#### Exercise
Find the line with "From HB Require Import structures." in the entries below. Repeat it, every following line, and the line with "match val i", exactly and with nothing added.

[[ Data for processing open ]]

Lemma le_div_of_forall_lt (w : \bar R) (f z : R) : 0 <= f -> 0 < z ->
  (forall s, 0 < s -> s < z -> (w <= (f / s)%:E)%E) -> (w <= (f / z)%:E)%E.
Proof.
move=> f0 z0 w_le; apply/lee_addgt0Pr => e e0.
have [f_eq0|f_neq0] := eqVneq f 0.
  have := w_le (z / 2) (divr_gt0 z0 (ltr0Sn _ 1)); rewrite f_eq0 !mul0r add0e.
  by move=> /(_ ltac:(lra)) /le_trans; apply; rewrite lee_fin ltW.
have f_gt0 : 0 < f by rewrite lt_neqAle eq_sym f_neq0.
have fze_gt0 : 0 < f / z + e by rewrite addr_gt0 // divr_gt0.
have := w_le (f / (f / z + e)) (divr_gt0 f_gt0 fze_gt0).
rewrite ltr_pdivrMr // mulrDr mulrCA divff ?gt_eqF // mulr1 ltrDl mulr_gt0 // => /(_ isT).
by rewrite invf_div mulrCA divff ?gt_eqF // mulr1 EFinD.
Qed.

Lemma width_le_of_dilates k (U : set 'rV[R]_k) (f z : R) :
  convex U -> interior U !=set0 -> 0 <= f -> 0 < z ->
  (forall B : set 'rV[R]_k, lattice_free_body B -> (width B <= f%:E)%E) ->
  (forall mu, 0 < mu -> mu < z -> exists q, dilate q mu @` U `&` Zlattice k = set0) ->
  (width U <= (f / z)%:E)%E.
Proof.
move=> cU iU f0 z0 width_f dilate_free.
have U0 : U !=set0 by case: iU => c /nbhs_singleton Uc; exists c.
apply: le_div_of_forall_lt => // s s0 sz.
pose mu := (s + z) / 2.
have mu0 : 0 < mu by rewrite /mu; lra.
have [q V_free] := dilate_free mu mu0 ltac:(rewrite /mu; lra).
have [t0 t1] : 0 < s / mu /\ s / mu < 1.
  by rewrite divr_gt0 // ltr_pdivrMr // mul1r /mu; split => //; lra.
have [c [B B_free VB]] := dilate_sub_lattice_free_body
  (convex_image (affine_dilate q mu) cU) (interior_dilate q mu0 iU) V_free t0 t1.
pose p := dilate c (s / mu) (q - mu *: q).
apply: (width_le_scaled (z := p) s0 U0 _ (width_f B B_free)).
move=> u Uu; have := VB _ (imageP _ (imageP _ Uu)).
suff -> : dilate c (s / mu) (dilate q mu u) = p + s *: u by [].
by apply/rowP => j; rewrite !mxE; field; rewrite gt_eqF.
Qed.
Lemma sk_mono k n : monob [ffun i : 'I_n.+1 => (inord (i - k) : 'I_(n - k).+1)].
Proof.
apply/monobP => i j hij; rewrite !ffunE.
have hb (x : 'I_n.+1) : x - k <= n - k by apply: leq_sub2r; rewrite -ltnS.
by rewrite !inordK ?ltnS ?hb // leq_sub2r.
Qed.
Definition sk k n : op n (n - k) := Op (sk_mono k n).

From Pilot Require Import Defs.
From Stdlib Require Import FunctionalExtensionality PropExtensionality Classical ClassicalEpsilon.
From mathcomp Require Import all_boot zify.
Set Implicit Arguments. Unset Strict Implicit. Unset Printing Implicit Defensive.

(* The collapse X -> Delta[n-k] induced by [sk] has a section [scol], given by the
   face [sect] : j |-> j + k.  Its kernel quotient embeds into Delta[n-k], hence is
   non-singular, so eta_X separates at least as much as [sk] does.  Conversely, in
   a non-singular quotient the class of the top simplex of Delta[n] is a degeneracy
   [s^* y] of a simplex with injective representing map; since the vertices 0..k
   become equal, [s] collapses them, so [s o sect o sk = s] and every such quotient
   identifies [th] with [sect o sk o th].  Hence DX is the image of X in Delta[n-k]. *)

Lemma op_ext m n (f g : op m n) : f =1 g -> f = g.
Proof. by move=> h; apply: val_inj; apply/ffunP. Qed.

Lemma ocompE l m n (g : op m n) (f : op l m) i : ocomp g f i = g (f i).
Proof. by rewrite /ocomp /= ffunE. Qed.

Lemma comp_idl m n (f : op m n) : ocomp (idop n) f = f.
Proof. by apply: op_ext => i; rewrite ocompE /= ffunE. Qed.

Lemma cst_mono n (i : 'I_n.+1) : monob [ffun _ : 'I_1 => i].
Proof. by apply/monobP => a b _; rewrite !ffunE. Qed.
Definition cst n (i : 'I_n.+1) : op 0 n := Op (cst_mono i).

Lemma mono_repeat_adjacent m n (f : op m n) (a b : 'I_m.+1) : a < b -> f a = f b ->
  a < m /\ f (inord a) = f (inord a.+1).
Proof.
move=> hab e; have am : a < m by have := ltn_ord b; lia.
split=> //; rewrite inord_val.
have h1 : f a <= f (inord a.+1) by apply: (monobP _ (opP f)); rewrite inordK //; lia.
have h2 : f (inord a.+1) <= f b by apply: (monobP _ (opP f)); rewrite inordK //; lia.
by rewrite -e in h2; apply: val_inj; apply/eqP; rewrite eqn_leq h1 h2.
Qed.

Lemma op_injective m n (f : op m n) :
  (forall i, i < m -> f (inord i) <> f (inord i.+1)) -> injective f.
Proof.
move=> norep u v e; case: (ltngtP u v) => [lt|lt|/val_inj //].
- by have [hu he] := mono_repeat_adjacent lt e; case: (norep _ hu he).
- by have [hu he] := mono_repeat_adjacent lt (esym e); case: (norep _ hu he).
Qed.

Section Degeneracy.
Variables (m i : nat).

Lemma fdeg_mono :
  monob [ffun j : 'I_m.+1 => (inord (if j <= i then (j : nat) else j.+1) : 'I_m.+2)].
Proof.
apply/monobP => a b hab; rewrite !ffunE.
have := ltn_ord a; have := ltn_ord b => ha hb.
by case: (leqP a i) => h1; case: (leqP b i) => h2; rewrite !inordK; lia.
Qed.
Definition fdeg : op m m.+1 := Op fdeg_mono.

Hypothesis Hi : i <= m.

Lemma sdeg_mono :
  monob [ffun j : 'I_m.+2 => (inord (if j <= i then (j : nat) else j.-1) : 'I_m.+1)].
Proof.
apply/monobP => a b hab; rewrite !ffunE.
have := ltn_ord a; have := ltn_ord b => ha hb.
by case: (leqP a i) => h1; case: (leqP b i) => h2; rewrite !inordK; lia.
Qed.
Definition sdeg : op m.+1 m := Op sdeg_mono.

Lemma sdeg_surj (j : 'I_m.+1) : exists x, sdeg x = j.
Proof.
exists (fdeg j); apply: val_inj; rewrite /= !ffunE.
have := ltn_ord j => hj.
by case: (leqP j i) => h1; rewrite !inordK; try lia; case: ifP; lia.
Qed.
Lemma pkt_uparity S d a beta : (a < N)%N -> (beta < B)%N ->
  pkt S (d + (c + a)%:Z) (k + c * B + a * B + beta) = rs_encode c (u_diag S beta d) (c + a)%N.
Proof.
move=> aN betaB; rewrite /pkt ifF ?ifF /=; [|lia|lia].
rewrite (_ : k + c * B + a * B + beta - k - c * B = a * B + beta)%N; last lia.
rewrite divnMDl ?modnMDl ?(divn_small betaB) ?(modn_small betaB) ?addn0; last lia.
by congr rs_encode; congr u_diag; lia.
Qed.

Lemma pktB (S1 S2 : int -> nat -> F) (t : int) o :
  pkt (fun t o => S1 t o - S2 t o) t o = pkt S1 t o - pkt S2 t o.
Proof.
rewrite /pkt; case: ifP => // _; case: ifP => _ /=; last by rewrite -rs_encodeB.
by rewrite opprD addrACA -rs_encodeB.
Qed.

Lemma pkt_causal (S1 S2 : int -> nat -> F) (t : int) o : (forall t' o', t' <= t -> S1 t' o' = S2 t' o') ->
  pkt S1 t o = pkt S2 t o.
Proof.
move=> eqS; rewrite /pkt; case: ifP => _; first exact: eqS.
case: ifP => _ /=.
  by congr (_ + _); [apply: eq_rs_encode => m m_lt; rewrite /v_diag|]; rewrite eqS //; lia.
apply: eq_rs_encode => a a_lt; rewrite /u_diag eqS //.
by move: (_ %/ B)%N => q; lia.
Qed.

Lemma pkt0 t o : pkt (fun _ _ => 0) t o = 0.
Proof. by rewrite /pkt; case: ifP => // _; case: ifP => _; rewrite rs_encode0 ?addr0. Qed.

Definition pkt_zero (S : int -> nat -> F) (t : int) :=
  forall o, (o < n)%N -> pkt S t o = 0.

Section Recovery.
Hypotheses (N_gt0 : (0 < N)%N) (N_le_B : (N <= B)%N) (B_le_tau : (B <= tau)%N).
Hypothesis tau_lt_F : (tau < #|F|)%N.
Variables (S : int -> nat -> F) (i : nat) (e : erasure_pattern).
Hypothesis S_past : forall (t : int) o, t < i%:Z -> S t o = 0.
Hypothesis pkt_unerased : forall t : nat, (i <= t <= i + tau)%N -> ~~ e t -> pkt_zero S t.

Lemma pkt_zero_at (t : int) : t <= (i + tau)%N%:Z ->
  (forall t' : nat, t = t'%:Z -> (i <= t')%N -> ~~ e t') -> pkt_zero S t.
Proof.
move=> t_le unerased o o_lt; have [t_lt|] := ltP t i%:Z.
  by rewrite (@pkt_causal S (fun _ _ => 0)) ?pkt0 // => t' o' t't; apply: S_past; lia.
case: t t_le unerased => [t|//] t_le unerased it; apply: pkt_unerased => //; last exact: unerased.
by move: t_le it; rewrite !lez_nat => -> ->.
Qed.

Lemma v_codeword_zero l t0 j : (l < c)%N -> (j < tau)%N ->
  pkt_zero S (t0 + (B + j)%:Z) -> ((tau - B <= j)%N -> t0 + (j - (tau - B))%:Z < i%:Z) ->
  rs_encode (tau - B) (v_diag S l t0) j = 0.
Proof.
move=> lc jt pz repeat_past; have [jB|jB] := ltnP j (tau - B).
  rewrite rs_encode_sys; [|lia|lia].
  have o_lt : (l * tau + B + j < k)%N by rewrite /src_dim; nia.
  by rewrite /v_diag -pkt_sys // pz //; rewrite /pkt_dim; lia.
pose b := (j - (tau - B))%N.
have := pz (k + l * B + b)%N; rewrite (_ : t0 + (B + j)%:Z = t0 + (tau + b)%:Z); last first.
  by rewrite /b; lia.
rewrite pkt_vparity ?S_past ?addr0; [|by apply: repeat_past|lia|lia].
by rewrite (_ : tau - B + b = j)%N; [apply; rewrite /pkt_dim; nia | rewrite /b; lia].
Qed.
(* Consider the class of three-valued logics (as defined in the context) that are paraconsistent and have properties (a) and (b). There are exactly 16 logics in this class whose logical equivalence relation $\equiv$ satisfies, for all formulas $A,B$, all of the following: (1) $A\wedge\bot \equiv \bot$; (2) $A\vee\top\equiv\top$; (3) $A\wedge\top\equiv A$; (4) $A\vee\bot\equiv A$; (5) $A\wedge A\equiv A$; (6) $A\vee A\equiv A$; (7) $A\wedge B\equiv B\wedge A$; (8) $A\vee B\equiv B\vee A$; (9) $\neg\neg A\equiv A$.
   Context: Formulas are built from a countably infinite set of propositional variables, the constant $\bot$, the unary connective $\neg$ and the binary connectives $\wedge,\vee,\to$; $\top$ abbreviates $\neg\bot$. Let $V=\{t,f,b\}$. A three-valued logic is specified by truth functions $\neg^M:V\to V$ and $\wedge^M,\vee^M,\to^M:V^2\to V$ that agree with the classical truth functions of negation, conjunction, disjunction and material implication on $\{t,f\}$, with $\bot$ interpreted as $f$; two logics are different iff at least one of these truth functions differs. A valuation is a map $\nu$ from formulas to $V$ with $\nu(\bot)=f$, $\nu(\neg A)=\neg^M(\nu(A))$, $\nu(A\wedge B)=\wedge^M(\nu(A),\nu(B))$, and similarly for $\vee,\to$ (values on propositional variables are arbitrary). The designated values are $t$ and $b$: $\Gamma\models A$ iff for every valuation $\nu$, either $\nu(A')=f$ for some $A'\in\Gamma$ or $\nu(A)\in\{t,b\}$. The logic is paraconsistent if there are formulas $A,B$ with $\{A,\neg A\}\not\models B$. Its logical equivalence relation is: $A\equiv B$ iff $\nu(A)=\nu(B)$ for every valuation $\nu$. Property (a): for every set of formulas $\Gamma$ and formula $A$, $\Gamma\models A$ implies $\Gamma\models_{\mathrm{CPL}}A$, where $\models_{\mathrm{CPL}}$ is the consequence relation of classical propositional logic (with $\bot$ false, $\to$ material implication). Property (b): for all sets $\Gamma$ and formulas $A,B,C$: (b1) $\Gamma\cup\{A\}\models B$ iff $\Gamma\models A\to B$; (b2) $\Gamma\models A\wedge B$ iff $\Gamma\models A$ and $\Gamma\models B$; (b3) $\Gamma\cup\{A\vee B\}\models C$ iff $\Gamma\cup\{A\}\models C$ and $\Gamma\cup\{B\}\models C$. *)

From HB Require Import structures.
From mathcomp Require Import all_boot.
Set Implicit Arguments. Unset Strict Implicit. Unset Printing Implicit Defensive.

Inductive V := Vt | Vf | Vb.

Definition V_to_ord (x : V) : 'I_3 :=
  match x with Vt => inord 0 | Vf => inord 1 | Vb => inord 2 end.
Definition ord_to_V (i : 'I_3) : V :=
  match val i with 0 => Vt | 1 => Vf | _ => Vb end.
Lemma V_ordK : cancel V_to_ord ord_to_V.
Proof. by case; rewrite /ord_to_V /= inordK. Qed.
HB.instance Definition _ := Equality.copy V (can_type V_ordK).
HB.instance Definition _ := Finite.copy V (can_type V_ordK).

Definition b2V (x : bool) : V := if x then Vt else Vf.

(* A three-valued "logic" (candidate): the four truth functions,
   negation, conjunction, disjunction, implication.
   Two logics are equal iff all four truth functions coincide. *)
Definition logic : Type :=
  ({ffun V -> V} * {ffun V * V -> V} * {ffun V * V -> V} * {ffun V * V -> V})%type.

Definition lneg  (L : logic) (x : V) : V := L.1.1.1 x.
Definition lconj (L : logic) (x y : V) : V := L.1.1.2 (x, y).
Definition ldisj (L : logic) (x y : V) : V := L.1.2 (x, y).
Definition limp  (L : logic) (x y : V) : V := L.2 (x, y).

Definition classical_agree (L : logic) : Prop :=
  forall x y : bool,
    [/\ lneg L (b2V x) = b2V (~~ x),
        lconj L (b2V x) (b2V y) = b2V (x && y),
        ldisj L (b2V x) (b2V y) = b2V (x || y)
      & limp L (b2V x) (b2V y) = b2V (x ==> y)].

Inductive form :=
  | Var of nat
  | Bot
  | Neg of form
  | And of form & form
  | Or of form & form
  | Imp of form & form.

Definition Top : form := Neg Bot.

[[ Data for processing closed ]]

#### Expected answer
From HB Require Import structures.
From mathcomp Require Import all_boot.
Set Implicit Arguments. Unset Strict Implicit. Unset Printing Implicit Defensive.

Inductive V := Vt | Vf | Vb.

Definition V_to_ord (x : V) : 'I_3 :=
  match x with Vt => inord 0 | Vf => inord 1 | Vb => inord 2 end.
Definition ord_to_V (i : 'I_3) : V :=
  match val i with 0 => Vt | 1 => Vf | _ => Vb end.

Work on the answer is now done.